If Jesus Christ had not been born of a virgin, His blood would not have been the blood of God, His true Father. Without that, Christ would not have been sinless in His origin. He could not have then been “in all points tempted like as we are, yet without sin” (Hebrews 4:15). He therefore would have had no deity and could not have “offered one sacrifice for sins forever” (Hebrews 10:12). There would have not been any possibility of a blood atonement for the sins of mankind. You and I must accept and move ahead in agreement that “all have sinned, and come short of the glory of God” (Romans 3:23).

The great application of all this to you and me today is that without the virgin birth of Jesus Christ, there would be no possibility of our being forgiven for our sins. Our sin debt could only grow and grow as we went through life, and its weight would plunge us into an eternity of Hell at its end. The virgin birth of God’s only Son is the one way that He chose to facilitate our relationship to God as children, to restore the sin-broken fellowship we so desperately need to have and thus to give us the blessed hope of certainty in Heaven with Him forever.

Christ became the Son of man so that we could be sons and daughters of God. He identified with us so that we could identify with Him. Christ cannot save earth’s people from their sins unless He is Immanuel, “God with us.” He cannot be God with man unless He is virgin-born. This makes Christ alone the incarnation of God. It moves us directly to His sinless life and thus His atoning death on the Cross of Calvary.

The season of Christ’s birth is a fact from the past that is taken by faith. It should carry us forward to remember that He would one day die for our sins and then resurrect back up from the dead. His resurrection authenticates the resurrection of everyone who has received Christ since that great day nearly two millennia back in time. It all gives us the opportunity to be: “Looking for that blessed hope, and the glorious appearing of the great God and our Savior Jesus Christ” (Titus 2:13).

“For unto us a child is born, unto us a son is given,” records the first fact of Isaiah 9:6, which gives us the Christmas account.

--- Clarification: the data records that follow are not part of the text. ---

(* Let $f:V\to W$ be as in the context (with $n+1\ge 4$, $b\neq 0$, $c\neq 0$, and $A$ the companion matrix of the minimal polynomial over $\mathbb{F}_p$ of a primitive element of $\mathrm{GF}(p^n)$). Then the group $$G=\{g\in \mathrm{GL}(V) : (vg)f=(vf)\widehat{g}\ \text{for all } v\in V\}$$ is trivial, i.e. $G=\{1\}$.
   Context: Let $p$ be a prime, $\mathbb{F}=\mathrm{GF}(p)$, and $n\ge 3$. Let $V$ be an $\mathbb{F}$-vector space of dimension $n+1$ with basis $v_0,v_1,\dots,v_n$, and let $U=\langle v_1,\dots,v_n\rangle$. Let $W=\Lambda^2V$ be the exterior square, with ordered basis beginning $v_0\wedge v_1,\dots,v_0\wedge v_n$ and continuing with the $v_i\wedge v_j$, $1\le i<j\le n$ (in a fixed order). Maps are written on the right and vectors are row vectors. For $g\in\mathrm{End}(V)$, $\widehat{g}$ denotes the induced linear map of $W$, $(x\wedge y)\widehat g=(xg)\wedge(yg)$. The linear map $f:V\to W$ has, with respect to these bases, block matrix $\begin{bmatrix} b & c\\ A & 0\end{bmatrix}$, i.e. $v_0f=\sum_{i=1}^n b_i\, v_0\wedge v_i+\sum_{1\le j<k\le n}c_{j,k}\, v_j\wedge v_k$ and $v_if=\sum_{j=1}^n A_{i,j}\, v_0\wedge v_j$ for $1\le i\le n$, where $b\in\mathbb{F}^{n}$ is a nonzero row vector, $c\in\mathbb{F}^{\binom n2}$ is a nonzero row vector, and $A$ is the $n\times n$ companion matrix of the minimal polynomial $m$ over $\mathbb{F}$ of a primitive element $\alpha$ (generator of the multiplicative group) of $\mathrm{GF}(p^n)$. *)

From HB Require Import structures.
From mathcomp Require Import all_boot all_order all_algebra all_field.
Set Implicit Arguments. Unset Strict Implicit. Unset Printing Implicit Defensive.
Import GRing.Theory.
Local Open Scope ring_scope.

We then see a colon which divides the thought from the rest of the sentence. So far, that colon has spanned 2,000 years, until the day when “the government shall be upon his shoulder.” Verse seven tell us that “the zeal of the Lord of hosts will perform this,” and so we can just take it as that. We do not need to know how it will happen.

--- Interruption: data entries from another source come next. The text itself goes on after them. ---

(* Let $F\in[0,1]$ and $0\le p\le F$, and let $F'_{\max}(p,F)=\max\{F'_{00}(\rho_1\otimes\rho_2):\rho_1,\rho_2\in S_{p,F}\}$. Then $$F'_{\max}(p,F)=1-2p(1-F).$$ Moreover (for $p<1$), with $\tilde F=(F-p)/(1-p)$, $|\psi\rangle=\sqrt{\tilde F}|\Psi_{00}\rangle+\sqrt{1-\tilde F}|\Psi_{11}\rangle$ and $\rho_{\mathrm{opt}}=p|\Psi_{00}\rangle\langle\Psi_{00}|+(1-p)|\psi\rangle\langle\psi|$, one has $\rho_{\mathrm{opt}}\in S_{p,F}$ and $F'_{00}(\rho_{\mathrm{opt}}\otimes\rho_{\mathrm{opt}})=F'_{\max}(p,F)$.
   Context: For a pair of qubit registers $(R,T)$, $|\Psi_{ij}\rangle_{RT}=(I_R\otimes (X^iZ^j)_T)\tfrac1{\sqrt2}(|00\rangle+|11\rangle)_{RT}$, $i,j\in\{0,1\}$ ($X,Z$ Pauli matrices). $S_{p,F}$ is the set of two-qubit density operators $\rho$ such that $\rho=p|\Psi_{00}\rangle\langle\Psi_{00}|+(1-p)\sigma$ for some density operator $\sigma$ and $\langle\Psi_{00}|\rho|\Psi_{00}\rangle=F$. Postselected swap: $\rho_1$ acts on registers $(A_1,B_1)$ and $\rho_2$ on $(A_2,B_2)$ (Bell states of each $\rho_k$, including $|\psi\rangle$ above, are taken in the ordering $(A_k,B_k)$); a Bell-state measurement on $(A_1,A_2)$ gives outcome $ij$ with probability $p'_{ij}(\rho_1\otimes\rho_2)=\mathrm{Tr}[|\Psi_{ij}\rangle\langle\Psi_{ij}|_{A_1A_2}\rho_1\otimes\rho_2]$, and the postselected end-to-end fidelity (after the Pauli correction $Z^jX^i$ on $B_2$) is $F'_{ij}(\rho_1\otimes\rho_2)=\frac{1}{p'_{ij}}\mathrm{Tr}[|\Psi_{ij}\rangle\langle\Psi_{ij}|_{B_1B_2}|\Psi_{ij}\rangle\langle\Psi_{ij}|_{A_1A_2}\rho_1\otimes\rho_2]$. *)

(* Complex scalars: an arbitrary numClosedFieldType C
   (e.g. complex R for a real closed field R; the complex numbers). *)
From HB Require Import structures.
From mathcomp Require Import all_boot all_order all_algebra.
Set Implicit Arguments.
Unset Strict Implicit.
Unset Printing Implicit Defensive.
Import Order.TTheory GRing.Theory Num.Theory.
Local Open Scope ring_scope.

Definition bitn (k j : nat) : nat := (k %/ 2 ^ j) %% 2.

Section Qubits.
Variable C : numClosedFieldType.

Definition dag m n (M : 'M[C]_(m, n)) : 'M[C]_(n, m) := map_mx Num.conj (trmx M).

Definition PauliX : 'M[C]_2 := \matrix_(i, j) (i != j)%:R.
Definition PauliZ : 'M[C]_2 := \matrix_(i, j) (if i == j then (-1) ^+ (i : nat) else 0).

(* Two qubits (X,Y): basis index x : 'I_4 with x = 2*(value of X) + (value of Y).
   Kronecker product A (on X) (x) B (on Y). *)
Definition kron2 (A B : 'M[C]_2) : 'M[C]_4 :=
  \matrix_(x, y) (A (inord (bitn x 1)) (inord (bitn y 1)) *
                  B (inord (bitn x 0)) (inord (bitn y 0))).

(* (|00> + |11>)/sqrt 2 *)
Definition phiplus : 'cV[C]_4 :=
  \col_x (if bitn x 1 == bitn x 0 then (sqrtC 2)^-1 else 0).

Definition Bell (i j : bool) : 'cV[C]_4 :=
  kron2 1%:M (PauliX ^+ i *m PauliZ ^+ j) *m phiplus.

Definition proj n (v : 'cV[C]_n) : 'M[C]_n := v *m dag v.

Definition density n (rho : 'M[C]_n) : Prop :=
  dag rho = rho /\ (forall v : 'cV[C]_n, 0 <= (dag v *m rho *m v) 0 0) /\ \tr rho = 1.

Definition S_pF (p F : C) (rho : 'M[C]_4) : Prop :=
  density rho /\
  (exists sigma : 'M[C]_4, density sigma /\
      rho = p *: proj (Bell false false) + (1 - p) *: sigma) /\
  (dag (Bell false false) *m rho *m Bell false false) 0 0 = F.

(* Four qubits ordered (A1,B1,A2,B2): index x : 'I_16 with
   A1 = bit 3, B1 = bit 2, A2 = bit 1, B2 = bit 0. *)
Definition sub2 (x : nat) (a b : nat) : 'I_4 := inord (2 * bitn x a + bitn x b).

(* rho1 on (A1,B1) tensor rho2 on (A2,B2) *)
Definition tens (rho1 rho2 : 'M[C]_4) : 'M[C]_16 :=
  \matrix_(x, y) (rho1 (sub2 x 3 2) (sub2 y 3 2) * rho2 (sub2 x 1 0) (sub2 y 1 0)).

(* two-qubit operator P acting on (A1,A2), identity on B1,B2 *)
Definition onA (P : 'M[C]_4) : 'M[C]_16 :=
  \matrix_(x, y) (P (sub2 x 3 1) (sub2 y 3 1) *
                  ((bitn x 2 == bitn y 2) && (bitn x 0 == bitn y 0))%:R).

(* two-qubit operator P acting on (B1,B2), identity on A1,A2 *)
Definition onB (P : 'M[C]_4) : 'M[C]_16 :=
  \matrix_(x, y) (P (sub2 x 2 0) (sub2 y 2 0) *
                  ((bitn x 3 == bitn y 3) && (bitn x 1 == bitn y 1))%:R).

Definition pswap (i j : bool) (Om : 'M[C]_16) : C :=
  \tr (onA (proj (Bell i j)) *m Om).

Definition Fswap (i j : bool) (Om : 'M[C]_16) : C :=
  (pswap i j Om)^-1 * \tr (onB (proj (Bell i j)) *m onA (proj (Bell i j)) *m Om).

(* v is the maximum of F'_00(rho1 (x) rho2) over rho1, rho2 in S_{p,F}
   (over the pairs for which the outcome 00 has nonzero probability) *)
Definition is_Fmax (p F v : C) : Prop :=
  (exists rho1 rho2, S_pF p F rho1 /\ S_pF p F rho2 /\
     0 < pswap false false (tens rho1 rho2) /\
     Fswap false false (tens rho1 rho2) = v) /\
  (forall rho1 rho2, S_pF p F rho1 -> S_pF p F rho2 ->
     0 < pswap false false (tens rho1 rho2) ->
     Fswap false false (tens rho1 rho2) <= v).

Definition psi_opt (p F : C) : 'cV[C]_4 :=
  let Ft := (F - p) / (1 - p) in
  sqrtC Ft *: Bell false false + sqrtC (1 - Ft) *: Bell true true.

Definition rho_opt (p F : C) : 'M[C]_4 :=
  p *: proj (Bell false false) + (1 - p) *: proj (psi_opt p F).

End Qubits.

From HB Require Import structures.
From mathcomp Require Import all_boot all_order all_algebra.
From mathcomp Require Import sesquilinear spectral ring.
Import Order.TTheory GRing.Theory Num.Theory.
Set Implicit Arguments.
Unset Strict Implicit.
Unset Printing Implicit Defensive.
Local Open Scope ring_scope.

(* Write rho_k = p Phi + (1 - p) sigma_k with Phi = |Psi_00><Psi_00|, and let
   rho' be the reduced state of rho on the A register.  For a product input,
   p'_00 = D / 2 and F'_00 = N / (2 D) with N = Tr(rho1 rho2^T) and
   D = Tr(rho1' rho2'^T).  Both are bilinear in (rho1, rho2), so F'_00 is a
   rational function of p, F, n = Tr(sigma1 sigma2^T) and
   d = Tr(sigma1' sigma2'^T).  For positive semidefinite sigma_k,
   n <= Tr sigma1 Tr sigma2 = 1 by Cauchy-Schwarz, and n <= 2 d because
   |tr K|^2 <= 2 |K|^2 for 2x2 matrices K; both bounds are checked on rank-one
   matrices and extended by the spectral theorem.  For f = 1 - 2p(1 - F) they
   make 2 f D - N = (1 - p)^2 ((1 - f)(1 - n) + f (2 d - n)) nonnegative.  The
   state rho_opt has n = 1 and d = 1/2 and attains the bound. *)

Lemma idx2_subproof (a b : 'I_2) : (2 * a + b < 4)%N.
Proof. by case: a b => [[|[|//]] ?] [[|[|//]] ?]. Qed.
Definition idx2 (a b : 'I_2) : 'I_4 := Ordinal (idx2_subproof a b).

Lemma idx4_subproof (a b c d : 'I_2) : (8 * a + 4 * b + 2 * c + d < 16)%N.
Proof. by case: a b c d => [[|[|//]] ?] [[|[|//]] ?] [[|[|//]] ?] [[|[|//]] ?]. Qed.
Definition idx4 (a b c d : 'I_2) : 'I_16 := Ordinal (idx4_subproof a b c d).

Definition o0 : 'I_2 := @Ordinal 2 0 isT.
Definition o1 : 'I_2 := @Ordinal 2 1 isT.

Lemma ord2P (P : 'I_2 -> Prop) : P o0 -> P o1 -> forall a, P a.
Proof. by move=> P0 P1 [[|[|//]] lt_a_2]; rewrite (bool_irrelevance lt_a_2 isT). Qed.

Lemma bitn_idx2 a b : bitn (idx2 a b) 1 = a /\ bitn (idx2 a b) 0 = b.
Proof. by elim/ord2P: a; elim/ord2P: b. Qed.

Lemma bitn_idx4 a b c d :
  [/\ bitn (idx4 a b c d) 3 = a, bitn (idx4 a b c d) 2 = b,
      bitn (idx4 a b c d) 1 = c & bitn (idx4 a b c d) 0 = d].
Proof. by elim/ord2P: a; elim/ord2P: b; elim/ord2P: c; elim/ord2P: d. Qed.

Lemma sub2_idx4 a b c d :
  [/\ sub2 (idx4 a b c d) 3 2 = idx2 a b, sub2 (idx4 a b c d) 1 0 = idx2 c d,
      sub2 (idx4 a b c d) 3 1 = idx2 a c & sub2 (idx4 a b c d) 2 0 = idx2 b d].
Proof.
by split; apply: val_inj;
  elim/ord2P: a; elim/ord2P: b; elim/ord2P: c; elim/ord2P: d; rewrite /= inordK.
Qed.

Section Sums.
Variable V : nmodType.

Lemma sum_ord2 (f : 'I_2 -> V) : \sum_i f i = f o0 + f o1.
Proof. by rewrite !big_ord_recl big_ord0 addr0; congr (f _ + f _); apply: val_inj. Qed.

Lemma sum_idx2 (f : 'I_4 -> V) : \sum_i f i = \sum_a \sum_b f (idx2 a b).
Proof.
rewrite !sum_ord2 !big_ord_recl big_ord0 addr0 !addrA.
by congr (f _ + f _ + f _ + f _); apply: val_inj.
Qed.

Lemma sum_idx4 (f : 'I_16 -> V) :
  \sum_i f i = \sum_a \sum_b \sum_c \sum_d f (idx4 a b c d).
Proof.
rewrite !sum_ord2 !big_ord_recl big_ord0 addr0 !addrA.
by repeat congr (_ + _); congr f; apply: val_inj.
Qed.

End Sums.

Section Adjoint.
Variable C : numClosedFieldType.

Lemma sqrtC_conj (z : C) : 0 <= z -> (sqrtC z)^* = sqrtC z.
Proof. by move=> z_ge0; rewrite geC0_conj ?sqrtC_ge0. Qed.

Lemma dagK m n (M : 'M[C]_(m, n)) : dag (dag M) = M.
Proof. by apply/matrixP => i j; rewrite !mxE conjCK. Qed.

Lemma dagM m n p (A : 'M[C]_(m, n)) (B : 'M[C]_(n, p)) : dag (A *m B) = dag B *m dag A.
Proof. by rewrite /dag trmx_mul map_mxM. Qed.

Lemma dag_mix n a b (A B : 'M[C]_n) : dag (a *: A + b *: B) = a^* *: dag A + b^* *: dag B.
Proof. by apply/matrixP => i j; rewrite !mxE rmorphD !rmorphM. Qed.

Lemma combmxE m n a b (A B : 'M[C]_(m, n)) i j :
  (a *: A + b *: B) i j = a * A i j + b * B i j.
Proof. by rewrite !mxE. Qed.

Lemma qform_proj n (v w : 'cV[C]_n) :
  (dag w *m proj v *m w) 0 0 = `|(dag v *m w) 0 0| ^+ 2.
Proof.
rewrite /proj !mulmxA -(mulmxA _ (dag v)) mxE big_ord1 normCK.
by rewrite -[dag w *m v]dagK dagM dagK [dag _ _ _]mxE [_^T _ _]mxE mulrC.
Qed.

Lemma qform_mix n a b (A B : 'M[C]_n) (w : 'cV[C]_n) :
  (dag w *m (a *: A + b *: B) *m w) 0 0 =
  a * (dag w *m A *m w) 0 0 + b * (dag w *m B *m w) 0 0.
Proof. by rewrite mulmxDr mulmxDl -!scalemxAr -!scalemxAl !mxE. Qed.

Lemma density_proj n (v : 'cV[C]_n) : \tr (proj v) = 1 -> density (proj v).
Proof.
move=> tr_v; split; first by rewrite /proj dagM dagK.
by split=> // w; rewrite qform_proj exprn_ge0.
Qed.

Lemma density_mix n p (A B : 'M[C]_n) :
  0 <= p <= 1 -> density A -> density B -> density (p *: A + (1 - p) *: B).
Proof.
move=> /andP[p_ge0 p_le1] [hermA [posA trA]] [hermB [posB trB]].
split; first by rewrite dag_mix hermA hermB !geC0_conj ?subr_ge0.
split=> [w|]; last by rewrite mxtraceD !mxtraceZ trA trB; ring.
by rewrite qform_mix addr_ge0 ?mulr_ge0 ?subr_ge0.
Qed.

End Adjoint.

Section Overlap.
Local Open Scope sesquilinear_scope.
Variable C : numClosedFieldType.


Definition overlap n (A B : 'M[C]_n) : C := \tr (A *m B^T).

Definition psdmx n (A : 'M[C]_n) : Prop :=
  dag A = A /\ forall v : 'cV[C]_n, 0 <= (dag v *m A *m v) 0 0.

Lemma density_psdmx n (A : 'M[C]_n) : density A -> psdmx A.
Proof. by case=> hermA [posA _]. Qed.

That little double-dot colon includes the events found later on, in Isaiah chapter 53. Along with Psalm 22, this chapter gives a vivid account of the suffering and eventual satisfaction of Christ. Isaiah 53:2 speaks of His tender and common humanity, and verse three of how He was rejected and despised (and still is by most today). Jesus Christ bears the grief and iniquity for sin that you and I deserve (verses 4-6) in his substitutionary death. The next three verses prophesy the details we now understand as history.

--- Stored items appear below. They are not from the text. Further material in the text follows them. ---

Lemma stretch_pow_cont c t G : 0 <= t ->
  continuous (fun p : R * R => Rpower (stretch a (fst p) (snd p)) c) (t, G).
Proof.
  intros Ht; apply (continuous_comp (fun p : R * R => stretch a (fst p) (snd p))
                                     (fun y => Rpower y c)).
  - apply (continuous_plus (V := R_NormedModule)); [apply continuous_const |].
    apply (continuous_mult (K := R_AbsRing)); [| apply rpow_snd_cont, Ha_pow].
    apply (continuous_mult (K := R_AbsRing)); [apply continuous_const | apply continuous_fst].
  - pose proof (stretch_ge1 a Ha t G Ht); apply Rpower_cont; simpl; lra.
Qed.

Lemma massW_cont t G : 0 <= t -> continuous (fun p : R * R => massW a (fst p) (snd p)) (t, G).
Proof. apply stretch_pow_cont. Qed.

Lemma densU_cont t G : 0 <= t -> continuous (fun p : R * R => densU a (fst p) (snd p)) (t, G).
Proof.
  intros Ht; apply (continuous_mult (K := R_AbsRing)).
  - apply rpow_snd_cont, Ha_inv.
  - apply stretch_pow_cont, Ht.
Qed.

Lemma massW_dt_cont t G : 0 <= t -> continuous (fun p : R * R => massW_dt a (fst p) (snd p)) (t, G).
Proof.
  intros Ht; apply (continuous_mult (K := R_AbsRing)); [| apply stretch_pow_cont, Ht].
  apply (continuous_mult (K := R_AbsRing)); [apply continuous_const |].
  apply rpow_snd_cont, Ha_pow.
Qed.
End ProfileContinuity.

(** * 3. Elementary estimates and negligible remainders *)

Lemma ballRR (t x e : R) (p : R * R) :
  ball (t, x) e p <-> Rabs (fst p - t) < e /\ Rabs (snd p - x) < e.
Proof. destruct p; reflexivity. Qed.

Lemma cont2_eps (f : R * R -> R) t x : continuous f (t, x) -> forall eps, 0 < eps ->
  exists d, 0 < d /\ forall s y, Rabs (s - t) < d -> Rabs (y - x) < d ->
    Rabs (f (s, y) - f (t, x)) < eps.
Proof.
  intros Hf eps He; destruct (proj1 (filterlim_locally _ _) Hf (mkposreal eps He)) as [d Hd].
  exists d; split; [apply cond_pos |]; intros s y H1 H2.
  apply (Hd (s, y)), ballRR; split; assumption.
Qed.

Lemma lip_small (I : R -> Prop) (f : R -> R) t L : 0 <= L ->
  (forall s, I s -> Rabs (f s - f t) <= L * Rabs (s - t)) -> forall eps, 0 < eps ->
  exists d, 0 < d /\ forall s, I s -> Rabs (s - t) < d -> Rabs (f s - f t) < eps.
Proof.
  intros HL Hf eps He; exists (eps / (L + 1)); split; [apply Rdiv_lt_0_compat; lra |].
  intros s Hs Hd; eapply Rle_lt_trans; [apply Hf, Hs |].
  apply Rle_lt_trans with ((L + 1) * Rabs (s - t)); [pose proof (Rabs_pos (s - t)); nra |].
  apply Rmult_lt_reg_l with (/ (L + 1)); [apply Rinv_0_lt_compat; lra |].
  rewrite <- Rmult_assoc, Rinv_l, Rmult_1_l by lra.
  replace (/ (L + 1) * eps) with (eps / (L + 1)) by (field; lra); exact Hd.
Qed.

The gospel story does not end with a deceased Savior, still hanging on a cross. We do not worship a dead Christ, but rather a living. He rose again from the grave in victory! Isaiah records the satisfaction and saving resurrection of Christ in verses nine through 11 and His sovereign reign in verse 12.

We have a rejoicing Savior in Christ! Millions have found sweet forgiveness and healing in Christ over the millennia since His life. There is real joy for us this season if we will accept the gift of eternal life that He longs to give.

Christmas begins with the hallelujah of Christ’s virgin birth because it makes possible our second birth. You’ll never have the real joy of Christmas without the true worship of Jesus Christ! Start your new year with Him. The Lord God omnipotent reigneth. Hallelujah!

R.D. “Bob” Hottle is a retired schoolteacher, farmer and pastor of the Anchor Baptist Church.